Kelly, Brianne, Mtiti, Emmanuel, McIntyre, Peter B., Vadeboncoeur, Yvonne
Environmental management 2017 v.59 no.2 pp. 264-273
agricultural land, aquatic environment, human health, human population, lakes, land use, monitoring, nitrogen, nutrient content, plate count, pollution load, population density, population size, rural areas, sanitation, shorelines, snails, space and time, stable isotopes, surface water, tissues, vegetation, villages, watersheds, Lake Tanganyika, Tanzania
Access to safe water is an ongoing challenge in rural areas in Tanzania where communities often lack access to improved sanitation.
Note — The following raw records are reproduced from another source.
Lemma stage_missing j : j < size uppers -> ~~ stage j (nth set0 uppers j :\ m).
Proof.
move=> j_lt; have /and3P [G1V G0V mV] := upper_nth j_lt.
set V := nth set0 uppers j in G1V G0V mV *.
rewrite /stage negb_or G0_delm //; apply/hasPn => W W_in; apply/negP => VmW.
have /(nthP set0) [i] := W_in; rewrite size_takel => [i_lt|]; last exact: ltnW.
rewrite nth_take => [W_def|//].
have : upper W by rewrite -mem_uppers (mem_take W_in).
case/and3P => _ _ mW.
have VW : V \subset W.
  apply/subsetP => x xV; have [-> // | x_m] := eqVneq x m.
  by apply: (subsetP VmW); rewrite in_setD1 x_m.
have V_eq : V = W.
  by apply/eqP; rewrite eqEcard VW -W_def card_uppers_mono // ltnW.
move: W_def; rewrite -V_eq /V => /eqP; rewrite nth_uniq ?sort_uniq ?enum_uniq //.
  by move/eqP => i_j; move: i_lt; rewrite i_j ltnn.
exact: ltn_trans j_lt.
Qed.

Lemma extendable_stage j : j < size uppers -> extendable (stage j) (stage j.+1).
Proof.
move=> j_lt; have /and3P [G1V G0V mV] := upper_nth j_lt.
set V := nth set0 uppers j in G1V G0V mV *.
apply: (@eq_extendable _ (fun U => stage j U || (U \subset V))).
  move=> U; rewrite /stage (take_nth set0 j_lt) has_rcons -/V.
  by case: (G0 U); case: (U \subset V); case: has.
apply: (extendable_horn (w := m)) => //.
- exact: stage_down_closed.
- exact: G1_chain.
- rewrite (cardsD1 m V) mV add1n ltnS lt0n cards_eq0.
  by apply: contra (G0_delm G1V G0V mV) => /eqP ->.
- by move=> v; apply: stage_faces.
- exact: stage_missing.
Qed.

Lemma extendable_matching : extendable G0 G1.
Proof.
have ext_stage j : j <= size uppers -> extendable G0 (stage j).
  elim: j => [_ | j IH j_lt].
    by apply: (eq_extendable _ (@extendable_refl G0)) => U; rewrite /stage take0 orbF.
  apply: extendable_trans (IH (ltnW j_lt)) (extendable_stage j_lt).
  by move=> U G0U; rewrite /stage G0U.
apply: (eq_extendable _ (ext_stage _ (leqnn _))) => U; rewrite /stage take_size.
apply/idP/idP => [/orP [/G01 // | /hasP [V V_in UV]] | G1U].
  by apply: G1_down UV _; move: V_in; rewrite mem_uppers => /and3P [].
case G0U: (G0 U) => //=; apply/hasP.
case mU: (m \in U); first by exists U; rewrite ?mem_uppers /upper ?G1U ?G0U ?mU.
exists (m |: U); last exact: subsetUr.
rewrite mem_uppers /upper G1_addm ?G0U ?mU // setU11 andbT /=.
by apply: contraFN G0U => /(G0_down (subsetUr [set m] U)).
Qed.

End Matching.

Section Cone.
Variable top : B.
Hypothesis le_top : forall b, le b top.

Lemma extendable_cone1 p : p != top ->
  extendable (order_complex le [set p]) (order_complex le (top |: [set p])).
Proof.
move=> p_top; apply: (extendable_matching (m := p)).
- exact: order_complex_down_closed.
- exact: order_complex_down_closed.
- exact: order_complexS (subsetUr _ _).
- exact: order_complex0.
- by move=> U /andP [].
- move=> U /andP [U_chain U_sub] _ pU.
  rewrite /order_complex subUset sub1set !inE eqxx orbT U_sub !andbT.
  apply: chainbU1 U_chain _ (le_refl p) => y yU; move/subsetP: U_sub => /(_ y yU).
  rewrite !inE => /orP [/eqP -> | /eqP y_p]; first by rewrite le_top.
  by move: pU; rewrite -y_p yU.
- move=> U /andP [U_chain U_sub] U_p pU; apply: contra U_p => /andP [_ Up_sub].
  by rewrite /order_complex U_chain; move: Up_sub; rewrite subDset setUid.
Qed.

Lemma beaten_comparable (S U : {set B}) x m : beaten le S x m -> chainb le U -> x \in U ->
  U \subset top |: (x |: S) -> forall y, y \in U -> le m y || le y m.
Proof.
move=> x_beaten /chainbP U_chain xU /subsetP U_sub y yU.
move: (U_sub y yU); rewrite !in_setU1 => /or3P [/eqP -> | /eqP -> | yS].
- by rewrite le_top.
- by case/orP: x_beaten => /andP [-> _]; rewrite ?orbT.
case/orP: x_beaten => /andP [mx /forall_inP x_max]; move: (U_chain y x yU xU).
  by case/orP => [/(implyP (x_max y yS)) -> | xy]; rewrite ?(le_trans mx xy) ?orbT.
by case/orP => [yx | /(implyP (x_max y yS)) ->]; rewrite ?(le_trans yx mx) ?orbT.
Qed.

Lemma extendable_cone_step (S : {set B}) x m :
  x \notin S -> x != top -> m \in S -> beaten le S x m ->
  extendable (predU (order_complex le (x |: S)) (order_complex le (top |: S)))
             (order_complex le (top |: (x |: S))).
Proof.
move=> xS x_top mS x_beaten; apply: (extendable_matching (m := m)).
- by move=> U V UV /orP [] /(order_complex_down_closed UV) /= ->; rewrite ?orbT.
- exact: order_complex_down_closed.
- move=> U /orP []; apply: order_complexS; first exact: subsetUr.
  exact/setUS/subsetUr.
- by rewrite /= order_complex0.
- by move=> U /andP [].
- move=> U /andP [U_chain U_sub]; rewrite negb_or /order_complex U_chain /=.
  move=> /andP [U_xS U_topS] mU; have xU : x \in U.
    case/subsetPn: U_topS => y yU; rewrite in_setU1 negb_or => /andP [/negPf y_top /negPf yS].
    by move/subsetP: U_sub => /(_ y yU); rewrite !in_setU1 y_top yS orbF => /eqP <-.
  rewrite subUset sub1set !in_setU1 mS !orbT U_sub !andbT.
  exact: chainbU1 U_chain (beaten_comparable x_beaten U_chain xU U_sub) (le_refl m).
- move=> U /andP [U_chain _]; rewrite negb_or /order_complex U_chain /=.
  move=> /andP [U_xS U_topS] mU.
  have subD1E (X : {set B}) : m \in X -> (U :\ m \subset X) = (U \subset X).
    by move=> mX; rewrite subDset (setUidPr _) // sub1set.
  by rewrite !subD1E ?in_setU1 ?mS ?orbT // (negPf U_xS) (negPf U_topS) !andbF.
Qed.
Methods to detect contamination of surface water bodies, such as monitoring nutrient concentrations and bacterial counts, are time consuming and results can be highly variable in space and time. On the northeast shore of Lake Tanganyika, Tanzania, the low population density coupled with the high potential for dilution in the lake necessitates the development of a sensitive method for detecting contamination in order to avoid human health concerns. We investigated the potential use of nitrogen and carbon stable isotopes of snail tissues to detect anthropogenic nutrient loading along the northeast shore of Lake Tanganyika. δ¹⁵N of snails was positively related to human population size in the nearest village, but only for villages with >4000 inhabitants. The areal footprint of villages within their watershed was also significantly correlated with snail δ¹⁵N, while agricultural land use and natural vegetation were not. Dissolved nutrient concentrations were not significantly different between village and reference sites. Our results indicate that nitrogen isotopes provide a sensitive index of local nutrient loading that can be used to monitor contamination of oligotrophic aquatic environments with low surrounding population densities.